[[ Given records, beginning ]]

(* Let $L\in\mathbb N$ satisfy $\operatorname{rank}\mathcal O_L(\Sigma_s)=n$ and let $K=[A_L,\dots,A_1,B_L,\dots,B_1]\in\mathbb R^{m\times L(m+r)}$ with $A_i\in\mathbb R^{m\times m}$, $B_i\in\mathbb R^{m\times r}$. Consider the dynamic output feedback controller $\mathbf K_s$: $\xi(t+1)=\Xi\xi(t)+\Lambda y(t)$, $u(t)=\Omega\xi(t)$, $\xi\in\mathbb R^{Lm}$, $t\ge0$, where $\Xi\in\mathbb R^{Lm\times Lm}$ has $I_m$ in blocks $(k+1,k)$, $k=1,\dots,L-1$, last block column $[A_L;A_{L-1};\dots;A_1]$, and zeros elsewhere; $\Lambda=[B_L;B_{L-1};\dots;B_1]$; $\Omega=[0,\dots,0,I_m]$; and $\xi(0)=\mathcal O_L(\mathbf K_s)^{-1}[I,\,-\mathcal H_L(\mathbf K_s)]\,v(L)$, where $\mathcal O_L(\mathbf K_s)=[\Omega^\top,(\Omega\Xi)^\top,\dots,(\Omega\Xi^{L-1})^\top]^\top$ and $\mathcal H_L(\mathbf K_s)$ is the block lower-triangular Toeplitz matrix with $(i,j)$ block $G_{i-j}$, $G_0=0$, $G_k=\Omega\Xi^{k-1}\Lambda$. Then the signals $u$ and $y$ of the closed loop of the IOH system $v(t+1)=\Theta v(t)+\Pi u(t)$, $y(t)=C\Gamma v(t)$ with the IOH feedback $u(t)=Kv(t)$, $t\ge L$, are identical to those of the feedback interconnection of $\Sigma_s$ and $\mathbf K_s$.
   Context: System $\Sigma_s$: $x(t+1)=Ax(t)+Bu(t)$, $y(t)=Cx(t)$, $t\ge0$, $x\in\mathbb R^n,u\in\mathbb R^m,y\in\mathbb R^r$; standing assumptions: $(A,B,C)$ minimal and $A$ Schur. $\mathcal R_L(\Sigma_s)=[A^{L-1}B,\dots,B]$, $\mathcal O_L(\Sigma_s)=[C^\top,\dots,(CA^{L-1})^\top]^\top$, $\mathcal H_L(\Sigma_s)$ the $Lr\times Lm$ block lower-triangular Toeplitz matrix with $(i,j)$ block $H_{i-j}$, $H_0=0$, $H_k=CA^{k-1}B$. IOH: $v(t)=[u(t-L)^\top,\dots,u(t-1)^\top,y(t-L)^\top,\dots,y(t-1)^\top]^\top\in\mathbb R^{L(m+r)}$, $t\ge L$; $v(L)$ is the IOH at time $L$ (common to both loops). $\Gamma=[\mathcal R_L-A^L\mathcal O_L^\dagger\mathcal H_L,\ A^L\mathcal O_L^\dagger]$; $\Theta=\mathrm{diag}(S_m,S_r)+EC\Gamma$, with $S_k$ the $Lk\times Lk$ block matrix having $I_k$ in blocks $(i,i+1)$, $i<L$, zeros elsewhere, $E$ having $I_r$ in its last $r$ rows, zeros elsewhere; $\Pi\in\mathbb R^{L(m+r)\times m}$ has $I_m$ in rows $(L-1)m+1,\dots,Lm$, zeros elsewhere. *)

(* Real-closed field R (covers the reals); complex numbers R[i]
   from mathcomp-real-closed are used only to state the Schur property. *)
From HB Require Import structures.
From mathcomp Require Import all_boot all_order all_algebra.
From mathcomp Require Import complex.
Set Implicit Arguments. Unset Strict Implicit. Unset Printing Implicit Defensive.
Import Order.TTheory GRing.Theory Num.Theory.
Local Open Scope ring_scope.

Section Defs.
Variable R : rcfType.

(* total entry access with nat indices (0 outside the range) *)
Definition mxget p q (M : 'M[R]_(p, q)) (a b : nat) : R :=
  match @insub _ (fun k => k < p)%N 'I_p a, @insub _ (fun k => k < q)%N 'I_q b with
  | Some i, Some j => M i j
  | _, _ => 0
  end.

(* block matrices, blocks indexed from 0 *)
Definition blk p q (P Q : nat) (F : nat -> nat -> 'M[R]_(p, q)) : 'M[R]_(P * p, Q * q) :=
  \matrix_(i < P * p, j < Q * q) mxget (F (i %/ p) (j %/ q))%N (i %% p)%N (j %% q)%N.
Definition blkcol p q (P : nat) (F : nat -> 'M[R]_(p, q)) : 'M[R]_(P * p, q) :=
  \matrix_(i < P * p, j < q) mxget (F (i %/ p))%N (i %% p)%N j.
Definition blkrow p q (Q : nat) (F : nat -> 'M[R]_(p, q)) : 'M[R]_(p, Q * q) :=
  \matrix_(i < p, j < Q * q) mxget (F (j %/ q))%N i (j %% q)%N.

(* generic system (A,B,C): x+ = A x + B u, y = C x, with n states, m inputs, r outputs *)
Definition reachL n m (L : nat) (A : 'M[R]_n) (B : 'M[R]_(n, m)) : 'M[R]_(n, L * m) :=
  blkrow L (fun j => A ^+ (L - 1 - j) *m B).
Definition obsvL n r (L : nat) (A : 'M[R]_n) (C : 'M[R]_(r, n)) : 'M[R]_(L * r, n) :=
  blkcol L (fun i => C *m A ^+ i).
Definition toepL n m r (L : nat) (A : 'M[R]_n) (B : 'M[R]_(n, m)) (C : 'M[R]_(r, n))
  : 'M[R]_(L * r, L * m) :=
  blk L L (fun i j => if (j < i)%N then C *m A ^+ (i - j - 1) *m B else 0).

Definition is_pinv p q (M : 'M[R]_(p, q)) (X : 'M[R]_(q, p)) : Prop :=
  [/\ M *m X *m M = M, X *m M *m X = X, (M *m X)^T = M *m X & (X *m M)^T = X *m M].

Definition minimal n m r (A : 'M[R]_n) (B : 'M[R]_(n, m)) (C : 'M[R]_(r, n)) : Prop :=
  \rank (reachL n A B) = n /\ \rank (obsvL n A C) = n.
Definition schur n (A : 'M[R]_n) : Prop :=
  forall z : R[i], root (char_poly (map_mx (real_complex R) A)) z -> `|z| < 1.

Definition GammaM n m r L (A : 'M[R]_n) (B : 'M[R]_(n, m)) (C : 'M[R]_(r, n))
  (Opinv : 'M[R]_(n, L * r)) : 'M[R]_(n, L * m + L * r) :=
  row_mx (reachL L A B - A ^+ L *m Opinv *m toepL L A B C) (A ^+ L *m Opinv).

Definition shiftM k L : 'M[R]_(L * k) := blk L L (fun i j => if j == i.+1 then 1%:M else 0).
Definition EM m r L : 'M[R]_(L * m + L * r, r) :=
  col_mx 0 (blkcol L (fun i => if i == (L - 1)%N then 1%:M else 0)).
Definition PiM m r L : 'M[R]_(L * m + L * r, m) :=
  col_mx (blkcol L (fun i => if i == (L - 1)%N then 1%:M else 0)) 0.
Definition ThetaM n m r L (C : 'M[R]_(r, n)) (Gamma : 'M[R]_(n, L * m + L * r))
  : 'M[R]_(L * m + L * r) :=
  block_mx (shiftM m L) 0 0 (shiftM r L) + EM m r L *m C *m Gamma.

Definition ioh m r L (u : nat -> 'cV[R]_m) (y : nat -> 'cV[R]_r) (t : nat)
  : 'cV[R]_(L * m + L * r) :=
  col_mx (blkcol L (fun i => u (t - L + i)%N)) (blkcol L (fun i => y (t - L + i)%N)).

Definition gainK m r L (Ak : nat -> 'M[R]_m) (Bk : nat -> 'M[R]_(m, r))
  : 'M[R]_(m, L * m + L * r) :=
  row_mx (blkrow L (fun j => Ak (L - j)%N)) (blkrow L (fun j => Bk (L - j)%N)).

Definition XiM m L (Ak : nat -> 'M[R]_m) : 'M[R]_(L * m) :=
  blk L L (fun i j => (if i == j.+1 then 1%:M else 0)
                      + (if j == (L - 1)%N then Ak (L - i)%N else 0)).
Definition LambdaM m r L (Bk : nat -> 'M[R]_(m, r)) : 'M[R]_(L * m, r) :=
  blkcol L (fun i => Bk (L - i)%N).
Definition OmegaM m L : 'M[R]_(m, L * m) :=
  blkrow L (fun j => if j == (L - 1)%N then 1%:M else 0).

End Defs.

From HB Require Import structures.
From mathcomp Require Import all_boot all_order all_algebra.
From mathcomp Require Import complex.
From mathcomp Require Import zify.
Set Implicit Arguments. Unset Strict Implicit. Unset Printing Implicit Defensive.
Import Order.TTheory GRing.Theory Num.Theory.
Local Open Scope ring_scope.

(* For t >= L the IOH loop and the interconnection obey the same recursion once the IOH
   v(t) of the interconnection is substituted: Gamma recovers the plant state from v(t)
   (O_L has full column rank, so O_L^+ O_L = I), Theta shifts the history, and K_s
   realizes the ARX law u(t) = K v(t), since unrolling L steps of its recursion expresses
   the last block of its state through the last L inputs and outputs.  Both loops also
   start from the same history: xi(0) solves O_L(K_s) xi(0) = U - H_L(K_s) Y, so the
   data equation of K_s reads U_c - U = H_L(K_s) (Y_c - Y), and strict lower
   triangularity of H_L(K_s) gives by induction that the interconnection reproduces
   the data (u, y) on [0, L), i.e. its IOH at time L is v(L). *)

Lemma mulmx_exprS (R : pzRingType) n (A : 'M[R]_n) k : A *m A ^+ k = A ^+ k.+1.
Proof. by rewrite exprS mulmxE. Qed.

Section BlockCalculus.
Variable R : rcfType.

Lemma mxgetE p q (M : 'M[R]_(p, q)) (i : 'I_p) (j : 'I_q) : mxget M i j = M i j.
Proof.
rewrite /mxget (insubT (fun k => k < p)%N (ltn_ord i)) (insubT (fun k => k < q)%N (ltn_ord j)).
by congr (M _ _); apply: val_inj.
Qed.

Lemma mxget_in p q (M : 'M[R]_(p, q)) a b (ha : (a < p)%N) (hb : (b < q)%N) :
  mxget M a b = M (Ordinal ha) (Ordinal hb).
Proof. by rewrite -mxgetE. Qed.

Lemma mxget_outl p q (M : 'M[R]_(p, q)) a b : (p <= a)%N -> mxget M a b = 0.
Proof. by move=> hpa; rewrite /mxget insubN // -leqNgt. Qed.

Lemma mxget_outr p q (M : 'M[R]_(p, q)) a b : (q <= b)%N -> mxget M a b = 0.
Proof. by move=> hqb; rewrite /mxget [insub b]insubN -?leqNgt //; case: insub. Qed.

Lemma mxget_mul p q s (M : 'M[R]_(p, q)) (N : 'M[R]_(q, s)) a c :
  mxget (M *m N) a c = \sum_(k < q) mxget M a k * mxget N k c.
Proof.
have [ha|ha] := ltnP a p; last first.
  by rewrite mxget_outl // big1 // => k _; rewrite mxget_outl // mul0r.
have [hc|hc] := ltnP c s; last first.
  by rewrite mxget_outr // big1 // => k _; rewrite (mxget_outr N) // mulr0.
rewrite (mxget_in _ ha hc) mxE; apply: eq_bigr => k _.
rewrite (mxget_in _ ha (ltn_ord k)) (mxget_in _ (ltn_ord k) hc).
by congr (M _ _ * N _ _); apply: val_inj.
Qed.

Lemma sum_blocks (V : nmodType) Q q (f : nat -> V) :
  \sum_(k < Q * q) f k = \sum_(j < Q) \sum_(b < q) f (j * q + b)%N.
Proof.
elim: Q => [|Q IH]; first by rewrite mul0n !big_ord0.
rewrite big_ord_recr /= -IH -!(big_mkord xpredT) mulSnr.
rewrite (big_cat_nat _ (leq_addr _ _)) //=; congr (_ + _).
rewrite -{1}[(Q * q)%N]add0n big_addn addKn big_mkord.
by apply: eq_bigr => i _; rewrite addnC.
Qed.

Lemma divn_modn_block q j b :
  (b < q)%N -> ((j * q + b) %/ q = j /\ (j * q + b) %% q = b)%N.
Proof.
move=> hb; have q_gt0 : (0 < q)%N by apply: leq_ltn_trans hb.
by rewrite divnMDl // modnMDl divn_small // modn_small // addn0.
Qed.

Lemma block_index_lt i a p P : (i < P)%N -> (a < p)%N -> (i * p + a < P * p)%N.
Proof.
move=> hi ha; apply: (@leq_trans (i.+1 * p)); first by rewrite mulSnr ltn_add2l.
by rewrite leq_mul2r hi orbT.
Qed.

Definition vblock p P (v : 'cV[R]_(P * p)) (i : nat) : 'cV[R]_p :=
  \col_(a < p) mxget v (i * p + a)%N 0.

Lemma vblockE p P (v : 'cV[R]_(P * p)) i (a : 'I_p) (ha : (i * p + a < P * p)%N) :
  vblock v i a 0 = v (Ordinal ha) 0.
Proof. by rewrite mxE; exact: (mxgetE v (Ordinal ha) 0). Qed.

Lemma vblock_blkcol p P (F : nat -> 'cV[R]_p) i : (i < P)%N -> vblock (blkcol P F) i = F i.
Proof.
move=> hi; apply/matrixP => a j.
rewrite ord1 (vblockE _ (block_index_lt hi (ltn_ord a))) mxE.
by have [-> ->] := divn_modn_block i (ltn_ord a); rewrite (mxgetE _ a 0).
Qed.

Lemma vblock_inj p P (v w : 'cV[R]_(P * p)) :
  (forall i, (i < P)%N -> vblock v i = vblock w i) -> v = w.
Proof.
move=> eq_vw; apply/matrixP => k j; rewrite ord1.
have p_gt0 : (0 < p)%N.
  by move: (leq_ltn_trans (leq0n k) (ltn_ord k)); rewrite muln_gt0 => /andP[].
have hi : (k %/ p < P)%N by rewrite ltn_divLR.
move/matrixP/(_ (Ordinal (ltn_pmod k p_gt0)) 0): (eq_vw _ hi); rewrite !mxE /= -divn_eq.
by rewrite !(mxgetE _ k 0).
Qed.

Lemma vblockD p P (v w : 'cV[R]_(P * p)) i : vblock (v + w) i = vblock v i + vblock w i.
Proof.
apply/matrixP => a j; rewrite !mxE.
have [h|h] := ltnP (i * p + a) (P * p); last by rewrite !mxget_outl // addr0.
by rewrite !(mxget_in _ h (ltn_ord (0 : 'I_1))) mxE.
Qed.

Lemma vblockN p P (v : 'cV[R]_(P * p)) i : vblock (- v) i = - vblock v i.
Proof.
apply/matrixP => a j; rewrite !mxE.
have [h|h] := ltnP (i * p + a) (P * p); last by rewrite !mxget_outl // oppr0.
by rewrite !(mxget_in _ h (ltn_ord (0 : 'I_1))) mxE.
Qed.

Lemma vblock0 p P i : vblock (0 : 'cV[R]_(P * p)) i = 0.
Proof.
apply/matrixP => a j; rewrite !mxE.
have [h|h] := ltnP (i * p + a) (P * p); last by rewrite mxget_outl.
by rewrite (mxget_in _ h (ltn_ord (0 : 'I_1))) mxE.
Qed.

Lemma vblock_blk_mul p q P Q (F : nat -> nat -> 'M[R]_(p, q)) (w : 'cV[R]_(Q * q)) i :
  (i < P)%N -> vblock (blk P Q F *m w) i = \sum_(j < Q) F i j *m vblock w j.
Proof.
move=> hi; apply/matrixP => a c; rewrite ord1 mxE mxget_mul summxE.
rewrite (sum_blocks Q q (fun k => mxget (blk P Q F) (i * p + a) k * mxget w k 0)).
apply: eq_bigr => j _; rewrite !mxE; apply: eq_bigr => b _.
have hb := block_index_lt (ltn_ord j) (ltn_ord b).
rewrite (mxget_in _ (block_index_lt hi (ltn_ord a)) hb) mxE /= mxE.
have [-> ->] := divn_modn_block i (ltn_ord a).
by have [-> ->] := divn_modn_block j (ltn_ord b); rewrite mxgetE.
Qed.

Lemma blkrow_mul p q Q (F : nat -> 'M[R]_(p, q)) (w : 'cV[R]_(Q * q)) :
  blkrow Q F *m w = \sum_(j < Q) F j *m vblock w j.
Proof.
apply/matrixP => a c; rewrite ord1 -(mxgetE _ a 0) mxget_mul summxE.
rewrite (sum_blocks Q q (fun k => mxget (blkrow Q F) a k * mxget w k 0)).
apply: eq_bigr => j _; rewrite !mxE; apply: eq_bigr => b _.
have hb := block_index_lt (ltn_ord j) (ltn_ord b).
rewrite (mxget_in _ (ltn_ord a) hb) mxE /= mxE.
by have [-> ->] := divn_modn_block j (ltn_ord b); rewrite mxgetE.
Qed.

Lemma blkcol_mul p q s P (F : nat -> 'M[R]_(p, q)) (M : 'M[R]_(q, s)) :
  blkcol P F *m M = blkcol P (fun i => F i *m M).
Proof.
apply/matrixP => a c; rewrite -mxgetE mxget_mul mxE mxget_mul.
by apply: eq_bigr => k _; rewrite (mxget_in _ (ltn_ord a) (ltn_ord k)) mxE.
Qed.

Lemma eq_blkcol p q P (F G : nat -> 'M[R]_(p, q)) :
  (forall i, (i < P)%N -> F i = G i) -> blkcol P F = blkcol P G.
Proof.
move=> eqFG; apply/matrixP => k j; rewrite !mxE.
have p_gt0 : (0 < p)%N.
  by move: (leq_ltn_trans (leq0n k) (ltn_ord k)); rewrite muln_gt0 => /andP[].
by rewrite eqFG // ltn_divLR.
Qed.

[[ Given records, end ]]

**Activity:** Please go through the data and copy each line containing the word "eqFG".

**Output for this task:**
move=> eqFG; apply/matrixP => k j; rewrite !mxE.
by rewrite eqFG // ltn_divLR.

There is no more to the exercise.